The forward-looking information contained in this news release speaks only as of the date of this news release, and Enerplus assumes no obligation to publicly update or revise such information to reflect new events or circumstances, except as may be required pursuant to applicable laws.
Any financial outlook or future oriented financial information in this news release, as defined by applicable securities legislation, has been approved by management of Enerplus. Such financial outlook or future oriented financial information is provided for the purpose of providing information about management’s reasonable expectations as to the anticipated results of its proposed business activities for 2013. Readers are cautioned that reliance on such information may not be appropriate for other purposes.

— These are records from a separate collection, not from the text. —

(* For every natural number $n\geq 2$, the $n$-Split Interval $S_n(I)$ is a compact Hausdorff space.
   Context: Let $I=[0,1]$. For $n\geq 2$, $S_n(I)$ is the set $I\times\{0,\ldots,n-1\}$ with the topology in which the points $(x,i)$ with $i\in\{2,\ldots,n-1\}$ are isolated, a point $(x,0)$ with $x>0$ has basic neighbourhoods $\{(x,0)\}\cup\{(y,i): z_0<y<x,\ i\in\{0,\ldots,n-1\}\}$ for $z_0\in I$, $z_0<x$, a point $(x,1)$ with $x<1$ has basic neighbourhoods $\{(x,1)\}\cup\{(y,i): x<y<z_1,\ i\in\{0,\ldots,n-1\}\}$ for $z_1\in I$, $z_1>x$, and the points $(0,0)$ and $(1,1)$ are isolated. *)

From HB Require Import structures.
From mathcomp Require Import all_boot all_order all_algebra.
From mathcomp Require Import all_classical all_reals.
From mathcomp Require Import topology.
Set Implicit Arguments. Unset Strict Implicit. Unset Printing Implicit Defensive.
Import Order.TTheory GRing.Theory Num.Theory.
Local Open Scope classical_set_scope.
Local Open Scope ring_scope.

Definition unitI (R : realType) : Type := {x : R | 0 <= x <= 1}.

Definition splitI (R : realType) (n : nat) : Type := (unitI R * 'I_n)%type.
HB.instance Definition _ (R : realType) (n : nat) := Choice.on (splitI R n).

Definition split_basic (R : realType) (n : nat) (U : set (splitI R n)) : Prop :=
  exists (x : unitI R) (i : 'I_n),
       ((2 <= val i)%N /\ U = [set (x, i)])
    \/ (val i = 0%N /\ val x = 0 /\ U = [set (x, i)])
    \/ (val i = 0%N /\ 0 < val x /\
         exists z0 : unitI R, val z0 < val x /\
           U = [set (x, i)] `|` [set q | val z0 < val q.1 < val x])
    \/ (val i = 1%N /\ val x = 1 /\ U = [set (x, i)])
    \/ (val i = 1%N /\ val x < 1 /\
         exists z1 : unitI R, val x < val z1 /\
           U = [set (x, i)] `|` [set q | val x < val q.1 < val z1]).

HB.instance Definition _ (R : realType) (n : nat) :=
  isSubBaseTopological.Build (splitI R n) (@split_basic R n) id.

From HB Require Import structures.
From mathcomp Require Import all_boot all_order all_algebra.
From mathcomp Require Import all_classical all_reals.
From mathcomp Require Import topology normedtype.
From mathcomp Require Import lra.
Set Implicit Arguments. Unset Strict Implicit. Unset Printing Implicit Defensive.
Import Order.TTheory GRing.Theory Num.Theory numFieldNormedType.Exports.
Local Open Scope classical_set_scope.
Local Open Scope ring_scope.

(* Two distinct points over different abscissae have basic neighbourhoods in
   disjoint vertical strips.  Over the same abscissa x, a basic neighbourhood
   of (x, i) adds to the point only abscissae < x if i = 0, only abscissae > x
   if i = 1, and nothing if i >= 2, so two different levels are again separated.
   For compactness, take an ultrafilter U: its projection on [0, 1] converges
   to some x.  If U contains the points with abscissa < x it converges to
   (x, 0); if it contains those with abscissa > x it converges to (x, 1);
   otherwise it lives on the finite fibre over x and is principal. *)

Lemma ultra_cluster_cvg (T : Type) (X : topologicalType) (U : set_system T)
    (f : T -> X) (x : X) :
  UltraFilter U -> cluster (f @ U) x -> f @ U --> x.
Proof.
move=> UU clx A Ax; case: (in_ultra_setVsetC (f @^-1` A) UU) => // UnA.
by have [y []] := clx (~` A) A UnA Ax.
Qed.

Lemma ultra_cvg_itv (R : realType) (T : Type) (U : set_system T) (f : T -> R)
    (a b : R) :
  UltraFilter U -> (forall t, a <= f t <= b) -> exists2 x : R, a <= x <= b & f @ U --> x.
Proof.
move=> UU fab; have Uab : U (f @^-1` `[a, b]%classic).
  by apply: filterS filterT => t _; rewrite /= in_itv /=; exact: fab.
have [x [xab clx]] := @segment_compact R a b (f @ U) _ Uab.
by exists x; [move: xab; rewrite /= in_itv | exact: ultra_cluster_cvg].
Qed.

Lemma ultra_fiber (T : Type) (I : finType) (f : T -> I) (U : set_system T) :
  UltraFilter U -> exists i, U (f @^-1` [set i]).
Proof.
move=> UU; suff /(_ (enum I)) : forall s : seq I,
    U [set t | f t \in s] -> exists i, U (f @^-1` [set i]).
  by apply; apply: filterS filterT => t _; rewrite /= mem_enum.
elim => [|j s IHs] Us; first by have [t] := filter_ex Us.
case: (in_ultra_setVsetC (f @^-1` [set j]) UU) => [|Unj]; first by exists j.
apply: IHs; apply: filterS (filterI Us Unj) => t [] /=.
by rewrite in_cons => /orP[/eqP|].
Qed.

Lemma cvg_set1 (T : topologicalType) (F : set_system T) (p : T) :
  Filter F -> F [set p] -> F --> p.
Proof. by move=> FF Fp A /nbhs_singleton Ap; apply: filterS Fp => q ->. Qed.

Lemma ltr_pm1 (R : realDomainType) (r : R) : r - 1 < r < r + 1.
Proof. by apply/andP; split; lra. Qed.

Section SplitInterval.
Variables (R : realType) (n : nat).
Implicit Types (p q r : splitI R n) (B : set (splitI R n)).

Lemma clampI_subproof (r : R) : 0 <= Num.max 0 (Num.min r 1) <= 1.
Proof. by rewrite le_max lexx ge_max ler01 ge_min lexx orbT. Qed.

Definition clampI (r : R) : unitI R := exist _ (Num.max 0 (Num.min r 1)) (clampI_subproof r).

(* Every basic neighbourhood of [p] is contained in [[set p] `|` split_side p]. *)
Definition split_side p : set (splitI R n) :=
  [set q | (val p.2 == 0%N) && (val q.1 < val p.1)
        || (val p.2 == 1%N) && (val p.1 < val q.1)].

Lemma split_sideP p r : split_side p r ->
  (val p.2 = 0%N /\ val r.1 < val p.1) \/ (val p.2 = 1%N /\ val p.1 < val r.1).
Proof. by case/orP => /andP[/eqP e h]; [left | right]. Qed.

Lemma split_basic_strip p (a b : R) : a < val p.1 < b ->
  exists B, [/\ split_basic B, B p, B `<=` [set q | a < val q.1 < b]
              & B `<=` [set p] `|` split_side p].
Proof.
case: p => x i /= /andP[ax xb]; have /andP[x0 x1] := valP x.
have singleton : split_basic [set (x, i)] -> exists B, [/\ split_basic B, B (x, i),
    B `<=` [set q | a < val q.1 < b] & B `<=` [set (x, i)] `|` split_side (x, i)].
  by exists [set (x, i)]; split => // q ->; rewrite /= ax xb.
case: i => -[|[|k]] hk in singleton *.
- have [xz|x_gt0] := eqVneq (val x) 0.
    by apply: singleton; exists x, (Ordinal hk); right; left.
  have {}x_gt0 : 0 < val x by rewrite lt_neqAle eq_sym x_gt0 x0.
  have a1 : a <= 1 by apply: ltW; apply: lt_le_trans x1.
  have z0x : val (clampI a) < val x.
    by rewrite /= gt_max x_gt0 gt_min ax.
  have az0 : a <= val (clampI a) by rewrite /= le_max le_min lexx a1 orbT.
  exists ([set (x, Ordinal hk)] `|` [set q | val (clampI a) < val q.1 < val x]).
  split; [|by left|..].
  + by exists x, (Ordinal hk); right; right; left; split; [|split; [|exists (clampI a)]].
  + move=> q [->|/andP[zq qx]]; first by rewrite /= ax xb.
    by rewrite /= (le_lt_trans az0 zq) (lt_trans qx xb).
  + by move=> q [->|/andP[_ qx]]; [left | right; rewrite /split_side /= qx].
- have [xz|x_lt1] := eqVneq (val x) 1.
    by apply: singleton; exists x, (Ordinal hk); right; right; right; left.
  have {}x_lt1 : val x < 1 by rewrite lt_neqAle x_lt1 x1.
  have b0 : 0 <= b by apply: ltW; apply: le_lt_trans xb.
  have xz1 : val x < val (clampI b).
    by rewrite /= lt_max lt_min xb x_lt1 orbT.
  have z1b : val (clampI b) <= b by rewrite /= ge_max b0 ge_min lexx.
  exists ([set (x, Ordinal hk)] `|` [set q | val x < val q.1 < val (clampI b)]).
  split; [|by left|..].
  + by exists x, (Ordinal hk); right; right; right; right; split; [|split; [|exists (clampI b)]].
  + move=> q [->|/andP[xq qz]]; first by rewrite /= ax xb.
    by rewrite /= (lt_trans ax xq) (lt_le_trans qz z1b).
  + by move=> q [->|/andP[xq _]]; [left | right; rewrite /split_side /= xq].
- by apply: singleton; exists x, (Ordinal hk); left.
Qed.

Lemma split_basic_open B : split_basic B -> open B.
Proof.
move=> bB; exists [set B]; last by rewrite bigcup_set1.
by move=> _ ->; exact: finI_from1.
Qed.

Lemma split_basic_separate p q : p != q -> exists A B,
  [/\ split_basic A, split_basic B, A p, B q & A `&` B `<=` set0].
Proof.
wlog le_pq : p q / val p.1 <= val q.1 => [hwlog|].
  have [/hwlog//|/ltW/hwlog] := leP (val p.1) (val q.1).
  rewrite eq_sym => /[apply] -[A [B [bA bB Aq Bp AB0]]].
  by exists B, A; split => //; rewrite setIC.
move=> pq; case: ltgtP le_pq => // [lt_pq|eq_pq] _.
  pose c := (val p.1 + val q.1) / 2; have [pc cq] := midf_lt lt_pq.
  have /andP[p_gt _] := ltr_pm1 (val p.1); have /andP[_ q_lt] := ltr_pm1 (val q.1).
  have p_in : val p.1 - 1 < val p.1 < c by rewrite p_gt pc.
  have q_in : c < val q.1 < val q.1 + 1 by rewrite cq q_lt.
  have [A [bA Ap sA _]] := split_basic_strip p_in.
  have [B [bB Bq sB _]] := split_basic_strip q_in.
  exists A, B; split => // r [/sA/andP[_ rc] /sB/andP[cr _]].
  by have := lt_trans rc cr; rewrite ltxx.
have [A [bA Ap _ sA]] := split_basic_strip (ltr_pm1 (val p.1)).
have [B [bB Bq _ sB]] := split_basic_strip (ltr_pm1 (val q.1)).
exists A, B; split => // r [/sA rA /sB rB].
have p2q2 : val p.2 != val q.2.
  apply: contra pq => /eqP/val_inj e2.
  by rewrite [p]surjective_pairing [q]surjective_pairing e2 (val_inj eq_pq).
case: rA rB => [rp|rA] [rq|rB]; first by rewrite -rp -rq eqxx in pq.
- by move: rB; rewrite rp /split_side /= eq_pq ltxx !andbF.
- by move: rA; rewrite rq /split_side /= eq_pq ltxx !andbF.
move: p2q2; case/split_sideP: rA => -[-> rp]; case/split_sideP: rB => -[-> rq] //= _.
- by rewrite -eq_pq in rq; have := lt_trans rp rq; rewrite ltxx.
- by rewrite -eq_pq in rq; have := lt_trans rq rp; rewrite ltxx.
Qed.

Lemma split_hausdorff : hausdorff_space (splitI R n).
Proof.
move=> p q clpq; apply/eqP/negPn/negP => /split_basic_separate[A [B [bA bB Ap Bq AB0]]].
have [r ABr] := clpq A B (open_nbhs_nbhs (conj (split_basic_open bA) Ap))
  (open_nbhs_nbhs (conj (split_basic_open bB) Bq)).
exact: AB0 ABr.
Qed.

Lemma cvg_split_basic (F : set_system (splitI R n)) p : Filter F ->
  (forall B, split_basic B -> B p -> F B) -> F --> p.
Proof.
move=> FF Fbasic A [B [[D Dfin DB] Bp BA]]; apply: filterS BA _.
have [C DC Cp] : (\bigcup_(C in D) C) p by rewrite DB.
apply: filterS (_ : C `<=` B) _; first by rewrite -DB => y Cy; exists C.
have [E Ebasic EC] := Dfin C DC; rewrite -EC in Cp *.
by apply: filter_bigI => i iE; apply: Fbasic; [exact/set_mem/Ebasic | exact: Cp].
Qed.

Lemma split_basic_left B p : split_basic B -> B p -> val p.2 = 0%N ->
  exists2 c, c < val p.1 & [set q | c < val q.1 < val p.1] `<=` B.
Proof.
move=> [y [j [[j2 ->]|[[_ [y0 ->]]|[[_ [_ [z0 [z0y ->]]]]|[[j1 [_ ->]]|
  [j1 [_ [z1 [_ ->]]]]]]]]]] Bp p0; rewrite ?Bp in p0 *.
- by rewrite p0 in j2.
- exists (-1); first by rewrite /= y0 ltrN10.
  move=> q /andP[_ qy]; have /andP[q0 _] := valP q.1.
  by have := le_lt_trans q0 qy; rewrite /= y0 ltxx.
- case: Bp => [Bp|/andP[z0p py]]; rewrite ?Bp in p0 *.
    by exists (val z0) => // q qB; right.
  by exists (val z0) => // q /andP[z0q qp]; right; rewrite /= z0q (lt_trans qp py).
- by rewrite p0 in j1.
- case: Bp => [Bp|/andP[yp pz1]]; first by rewrite Bp j1 in p0.
  by exists (val y) => // q /andP[yq qp]; right; rewrite /= yq (lt_trans qp pz1).
Qed.

Lemma split_basic_right B p : split_basic B -> B p -> val p.2 = 1%N ->
  exists2 c, val p.1 < c & [set q | val p.1 < val q.1 < c] `<=` B.
Proof.
move=> [y [j [[j2 ->]|[[j0 [_ ->]]|[[j0 [_ [z0 [_ ->]]]]|[[_ [y1 ->]]|
  [_ [_ [z1 [yz1 ->]]]]]]]]]] Bp p1; rewrite ?Bp in p1 *.
- by rewrite p1 in j2.
- by rewrite p1 in j0.
- case: Bp => [Bp|/andP[z0p py]]; first by rewrite Bp j0 in p1.
  by exists (val y) => // q /andP[pq qy]; right; rewrite /= qy (lt_trans z0p pq).
- exists 2; first by rewrite /= y1 ltr1n.
  move=> q /andP[yq _]; have /andP[_ q1] := valP q.1.
  by have := lt_le_trans yq q1; rewrite /= y1 ltxx.
- case: Bp => [Bp|/andP[yp pz1]]; rewrite ?Bp in p1 *.
    by exists (val z1) => // q qB; right.
  by exists (val z1) => // q /andP[pq qz1]; right; rewrite /= qz1 (lt_trans yp pq).
Qed.

Lemma cvg_split_left (F : set_system (splitI R n)) (x : unitI R) (i : 'I_n) :
  Filter F -> val i = 0%N ->
  (forall c, c < val x -> F [set q | c < val q.1 < val x]) -> F --> ((x, i) : splitI R n).
Proof.
move=> FF i0 Fx; apply: cvg_split_basic => B bB Bp.
by have [c cx /filterS] := split_basic_left bB Bp i0; apply; exact: Fx.
Qed.

Lemma cvg_split_right (F : set_system (splitI R n)) (x : unitI R) (i : 'I_n) :
  Filter F -> val i = 1%N ->
  (forall c, val x < c -> F [set q | val x < val q.1 < c]) -> F --> ((x, i) : splitI R n).
Proof.
move=> FF i1 Fx; apply: cvg_split_basic => B bB Bp.
by have [c xc /filterS] := split_basic_right bB Bp i1; apply; exact: Fx.
Qed.

Lemma split_compact : (1 < n)%N -> compact [set: splitI R n].
Proof.
move=> n_gt1; rewrite compact_ultra => U UU _.
have [x x01 Ux] := ultra_cvg_itv (f := fun q : splitI R n => val q.1) UU (fun q => valP q.1).
pose xI : unitI R := exist _ x x01.
have above c : c < x -> U [set q | c < val q.1] := fun cx => Ux _ (lt_nbhsr cx).
have below c : x < c -> U [set q | val q.1 < c] := fun xc => Ux _ (lt_nbhsl xc).
case: (in_ultra_setVsetC [set q : splitI R n | val q.1 < x] UU) => [Ult|Unlt].
  exists (xI, Ordinal (ltnW n_gt1)); split=> //; apply: cvg_split_left => // c cx.
  by apply: filterS (filterI (above c cx) Ult) => q [/= -> ->].
case: (in_ultra_setVsetC [set q : splitI R n | x < val q.1] UU) => [Ugt|Ungt].
  exists (xI, Ordinal n_gt1); split=> //; apply: cvg_split_right => // c xc.
  by apply: filterS (filterI Ugt (below c xc)) => q [/= -> ->].
have [i Ui] := ultra_fiber snd UU.
exists (xI, i); split=> //; apply: cvg_set1.
apply: filterS (filterI (filterI Unlt Ungt) Ui) => -[y j] [[/negP yx /negP xy] /= ->].
by congr pair; apply: val_inj; apply/eqP; rewrite eq_le !leNgt yx xy.
Qed.

End SplitInterval.

Theorem mainTheorem4 (R : realType) (n : nat) (hn : (2 <= n)%N) :
  compact [set: splitI R n] /\ hausdorff_space (splitI R n).
Proof. by split; [exact: split_compact | exact: split_hausdorff]. Qed.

Enerplus utilizes the following terms for measurement within this news release that do not have a standardized meaning or definition as prescribed by IFRS and therefore may not be comparable with the calculation of similar measures by other entities
We use the term “adjusted payout ratio” to measure operating performance, leverage and liquidity. We calculate “adjusted payout ratio” is calculated as dividends paid to shareholders net of the participation in the Stock Dividend Plan plus capital expenditures divided by funds flow. The term “adjusted payout ratio” does not have a standardized meaning or definition as prescribed by IFRS and therefore may not be comparable with the calculation of similar measures by other entities.
Netback is used to measure operating performance and is calculated by subtracting Enerplus’ expected royalties and operating costs from the anticipated revenues in respect of the relevant properties. The term “netback” does not have a standardized meaning or definition as prescribed by IFRS and therefore may not be comparable with the calculation of similar measures by other entities.